### Exercise details:
Using the records below, transcribe word for word the stretch from the line that contains "(* (i) Since" through the line that contains "symmetric factor), which", both end lines included, and nothing else.

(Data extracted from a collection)
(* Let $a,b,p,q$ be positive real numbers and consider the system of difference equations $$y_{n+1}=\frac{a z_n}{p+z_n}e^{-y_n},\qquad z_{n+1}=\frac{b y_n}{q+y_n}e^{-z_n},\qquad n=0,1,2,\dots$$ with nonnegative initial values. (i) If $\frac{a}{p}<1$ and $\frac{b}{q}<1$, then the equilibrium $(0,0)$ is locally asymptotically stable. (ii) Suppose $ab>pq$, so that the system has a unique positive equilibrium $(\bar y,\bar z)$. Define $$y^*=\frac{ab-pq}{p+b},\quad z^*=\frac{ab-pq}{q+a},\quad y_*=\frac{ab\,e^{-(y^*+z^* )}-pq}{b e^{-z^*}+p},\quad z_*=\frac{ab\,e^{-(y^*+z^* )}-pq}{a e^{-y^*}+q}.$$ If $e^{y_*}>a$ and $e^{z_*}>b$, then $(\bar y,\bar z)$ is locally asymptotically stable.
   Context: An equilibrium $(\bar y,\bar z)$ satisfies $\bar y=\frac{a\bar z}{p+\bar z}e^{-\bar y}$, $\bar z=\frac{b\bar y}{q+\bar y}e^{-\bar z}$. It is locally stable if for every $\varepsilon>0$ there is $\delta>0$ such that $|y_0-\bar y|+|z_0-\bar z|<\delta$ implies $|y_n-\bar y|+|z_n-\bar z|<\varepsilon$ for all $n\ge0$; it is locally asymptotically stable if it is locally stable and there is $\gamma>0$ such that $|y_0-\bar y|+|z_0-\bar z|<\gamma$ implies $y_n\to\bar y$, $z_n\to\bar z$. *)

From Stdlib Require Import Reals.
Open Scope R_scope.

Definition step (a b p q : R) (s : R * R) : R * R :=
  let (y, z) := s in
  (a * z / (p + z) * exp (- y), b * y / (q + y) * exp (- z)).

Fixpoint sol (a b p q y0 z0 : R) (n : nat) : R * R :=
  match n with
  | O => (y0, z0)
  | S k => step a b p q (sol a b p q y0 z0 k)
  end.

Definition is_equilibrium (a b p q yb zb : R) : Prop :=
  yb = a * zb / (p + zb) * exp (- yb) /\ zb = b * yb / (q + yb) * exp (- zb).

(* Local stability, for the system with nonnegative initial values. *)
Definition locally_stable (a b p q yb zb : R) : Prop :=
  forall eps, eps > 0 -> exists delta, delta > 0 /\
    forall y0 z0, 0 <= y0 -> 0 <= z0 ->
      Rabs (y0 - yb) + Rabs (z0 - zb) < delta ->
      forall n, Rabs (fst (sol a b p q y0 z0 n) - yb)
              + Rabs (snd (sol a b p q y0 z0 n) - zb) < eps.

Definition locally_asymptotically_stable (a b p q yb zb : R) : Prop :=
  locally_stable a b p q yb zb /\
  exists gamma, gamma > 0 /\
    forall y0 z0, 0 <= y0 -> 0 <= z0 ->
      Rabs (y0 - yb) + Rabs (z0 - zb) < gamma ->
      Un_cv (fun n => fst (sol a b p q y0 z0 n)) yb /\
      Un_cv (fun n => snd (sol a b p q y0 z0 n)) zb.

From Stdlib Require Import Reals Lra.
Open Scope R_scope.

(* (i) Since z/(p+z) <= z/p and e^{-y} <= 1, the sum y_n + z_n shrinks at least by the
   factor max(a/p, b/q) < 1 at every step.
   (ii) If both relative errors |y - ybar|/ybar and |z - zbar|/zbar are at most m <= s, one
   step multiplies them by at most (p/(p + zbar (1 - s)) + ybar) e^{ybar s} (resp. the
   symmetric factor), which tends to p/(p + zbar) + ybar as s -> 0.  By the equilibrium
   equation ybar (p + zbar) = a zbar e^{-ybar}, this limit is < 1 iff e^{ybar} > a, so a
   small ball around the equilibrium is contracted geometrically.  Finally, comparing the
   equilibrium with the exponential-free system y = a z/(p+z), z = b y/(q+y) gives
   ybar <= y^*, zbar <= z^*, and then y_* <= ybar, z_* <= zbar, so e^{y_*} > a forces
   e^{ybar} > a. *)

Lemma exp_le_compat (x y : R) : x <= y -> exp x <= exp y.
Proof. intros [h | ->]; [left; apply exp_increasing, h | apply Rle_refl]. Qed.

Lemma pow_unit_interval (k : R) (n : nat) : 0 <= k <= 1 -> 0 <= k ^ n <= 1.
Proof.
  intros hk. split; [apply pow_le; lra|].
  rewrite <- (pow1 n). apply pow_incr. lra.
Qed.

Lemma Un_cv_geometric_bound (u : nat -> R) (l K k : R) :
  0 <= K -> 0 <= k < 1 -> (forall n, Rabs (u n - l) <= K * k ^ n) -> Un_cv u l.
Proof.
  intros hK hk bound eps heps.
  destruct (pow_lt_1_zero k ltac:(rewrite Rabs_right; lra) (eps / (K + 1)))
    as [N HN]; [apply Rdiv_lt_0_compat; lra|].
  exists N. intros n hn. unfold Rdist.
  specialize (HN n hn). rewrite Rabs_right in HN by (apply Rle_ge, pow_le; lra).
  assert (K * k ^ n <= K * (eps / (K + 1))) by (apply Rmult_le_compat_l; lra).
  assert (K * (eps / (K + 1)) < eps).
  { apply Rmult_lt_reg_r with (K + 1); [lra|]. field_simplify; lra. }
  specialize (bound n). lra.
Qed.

--

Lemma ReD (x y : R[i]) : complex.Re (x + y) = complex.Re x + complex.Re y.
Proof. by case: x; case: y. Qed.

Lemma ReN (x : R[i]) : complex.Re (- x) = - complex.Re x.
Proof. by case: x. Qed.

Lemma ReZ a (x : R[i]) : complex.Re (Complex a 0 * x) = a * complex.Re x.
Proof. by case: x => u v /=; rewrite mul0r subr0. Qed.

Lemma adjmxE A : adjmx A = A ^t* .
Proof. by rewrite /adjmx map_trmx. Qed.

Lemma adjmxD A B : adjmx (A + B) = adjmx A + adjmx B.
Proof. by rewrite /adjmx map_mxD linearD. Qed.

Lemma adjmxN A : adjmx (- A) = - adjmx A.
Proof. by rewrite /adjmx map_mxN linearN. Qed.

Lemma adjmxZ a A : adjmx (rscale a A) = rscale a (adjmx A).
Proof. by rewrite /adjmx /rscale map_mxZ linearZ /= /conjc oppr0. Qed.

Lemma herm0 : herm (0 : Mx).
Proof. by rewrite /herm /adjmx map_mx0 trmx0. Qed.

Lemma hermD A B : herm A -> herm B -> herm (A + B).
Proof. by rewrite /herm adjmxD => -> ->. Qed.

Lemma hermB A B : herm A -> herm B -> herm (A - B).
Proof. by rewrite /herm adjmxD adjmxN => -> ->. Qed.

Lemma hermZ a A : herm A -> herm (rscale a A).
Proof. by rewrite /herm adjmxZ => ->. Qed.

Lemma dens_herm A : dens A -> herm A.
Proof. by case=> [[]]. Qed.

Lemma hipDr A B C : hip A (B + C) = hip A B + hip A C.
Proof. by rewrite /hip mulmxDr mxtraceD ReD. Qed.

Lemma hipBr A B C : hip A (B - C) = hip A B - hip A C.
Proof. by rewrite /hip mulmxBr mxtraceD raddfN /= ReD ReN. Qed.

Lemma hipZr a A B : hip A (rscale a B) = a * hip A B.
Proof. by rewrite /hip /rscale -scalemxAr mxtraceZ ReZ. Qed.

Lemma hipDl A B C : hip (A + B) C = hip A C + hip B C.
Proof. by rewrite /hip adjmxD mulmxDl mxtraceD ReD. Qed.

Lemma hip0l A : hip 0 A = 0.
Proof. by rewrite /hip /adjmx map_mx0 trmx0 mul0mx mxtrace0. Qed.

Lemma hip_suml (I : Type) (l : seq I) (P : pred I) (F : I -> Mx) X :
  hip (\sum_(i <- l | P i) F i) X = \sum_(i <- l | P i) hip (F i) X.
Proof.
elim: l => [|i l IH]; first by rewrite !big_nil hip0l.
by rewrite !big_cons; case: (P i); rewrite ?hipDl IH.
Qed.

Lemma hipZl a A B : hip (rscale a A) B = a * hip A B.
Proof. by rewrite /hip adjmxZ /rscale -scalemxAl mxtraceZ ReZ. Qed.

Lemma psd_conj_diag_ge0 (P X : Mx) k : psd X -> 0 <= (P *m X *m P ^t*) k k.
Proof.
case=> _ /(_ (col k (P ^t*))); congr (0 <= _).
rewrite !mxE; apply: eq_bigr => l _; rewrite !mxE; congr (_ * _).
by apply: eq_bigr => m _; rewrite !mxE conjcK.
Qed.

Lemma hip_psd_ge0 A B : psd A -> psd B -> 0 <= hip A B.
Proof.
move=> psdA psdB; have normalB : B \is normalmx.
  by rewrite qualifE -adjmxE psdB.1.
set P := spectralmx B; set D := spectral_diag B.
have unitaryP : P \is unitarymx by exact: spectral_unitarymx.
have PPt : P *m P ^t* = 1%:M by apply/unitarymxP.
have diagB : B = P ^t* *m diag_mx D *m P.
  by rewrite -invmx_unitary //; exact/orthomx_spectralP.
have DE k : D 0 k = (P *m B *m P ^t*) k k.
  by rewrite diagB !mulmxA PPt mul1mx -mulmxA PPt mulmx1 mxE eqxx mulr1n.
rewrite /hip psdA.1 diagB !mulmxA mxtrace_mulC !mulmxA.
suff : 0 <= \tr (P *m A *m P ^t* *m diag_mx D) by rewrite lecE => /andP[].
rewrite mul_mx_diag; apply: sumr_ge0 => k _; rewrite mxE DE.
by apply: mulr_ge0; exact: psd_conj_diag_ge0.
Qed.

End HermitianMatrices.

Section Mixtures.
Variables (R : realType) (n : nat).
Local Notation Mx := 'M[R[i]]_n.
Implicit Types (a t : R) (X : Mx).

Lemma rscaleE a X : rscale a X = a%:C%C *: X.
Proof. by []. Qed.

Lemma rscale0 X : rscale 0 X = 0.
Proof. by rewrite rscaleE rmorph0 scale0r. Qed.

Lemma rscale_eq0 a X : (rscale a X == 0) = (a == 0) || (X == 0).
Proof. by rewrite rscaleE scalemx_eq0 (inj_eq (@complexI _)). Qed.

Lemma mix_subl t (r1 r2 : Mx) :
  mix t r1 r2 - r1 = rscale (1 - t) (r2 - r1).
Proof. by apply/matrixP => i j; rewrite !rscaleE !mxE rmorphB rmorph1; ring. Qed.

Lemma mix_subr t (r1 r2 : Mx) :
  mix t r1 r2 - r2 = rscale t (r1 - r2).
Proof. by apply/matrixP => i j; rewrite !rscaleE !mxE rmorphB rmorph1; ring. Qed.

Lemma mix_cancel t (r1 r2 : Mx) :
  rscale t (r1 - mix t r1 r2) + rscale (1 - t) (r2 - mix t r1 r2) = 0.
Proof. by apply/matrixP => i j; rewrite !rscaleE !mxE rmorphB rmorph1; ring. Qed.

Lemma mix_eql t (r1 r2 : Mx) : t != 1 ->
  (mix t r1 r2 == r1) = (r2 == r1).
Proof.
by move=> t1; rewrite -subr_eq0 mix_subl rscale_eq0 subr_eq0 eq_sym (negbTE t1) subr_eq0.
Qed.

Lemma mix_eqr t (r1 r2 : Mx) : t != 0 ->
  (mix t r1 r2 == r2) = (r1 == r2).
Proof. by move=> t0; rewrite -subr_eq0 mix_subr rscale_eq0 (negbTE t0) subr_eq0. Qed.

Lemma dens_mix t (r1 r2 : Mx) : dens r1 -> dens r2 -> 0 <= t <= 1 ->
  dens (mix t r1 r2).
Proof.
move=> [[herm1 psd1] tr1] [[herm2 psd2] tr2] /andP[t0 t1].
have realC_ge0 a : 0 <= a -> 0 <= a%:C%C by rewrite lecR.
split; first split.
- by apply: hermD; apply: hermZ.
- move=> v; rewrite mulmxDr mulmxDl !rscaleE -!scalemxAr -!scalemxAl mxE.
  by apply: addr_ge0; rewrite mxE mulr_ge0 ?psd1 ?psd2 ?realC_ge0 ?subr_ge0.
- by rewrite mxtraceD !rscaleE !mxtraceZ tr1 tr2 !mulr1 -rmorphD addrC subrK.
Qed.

### Written answer:
(* (i) Since z/(p+z) <= z/p and e^{-y} <= 1, the sum y_n + z_n shrinks at least by the
   factor max(a/p, b/q) < 1 at every step.
   (ii) If both relative errors |y - ybar|/ybar and |z - zbar|/zbar are at most m <= s, one
   step multiplies them by at most (p/(p + zbar (1 - s)) + ybar) e^{ybar s} (resp. the
   symmetric factor), which tends to p/(p + zbar) + ybar as s -> 0.  By the equilibrium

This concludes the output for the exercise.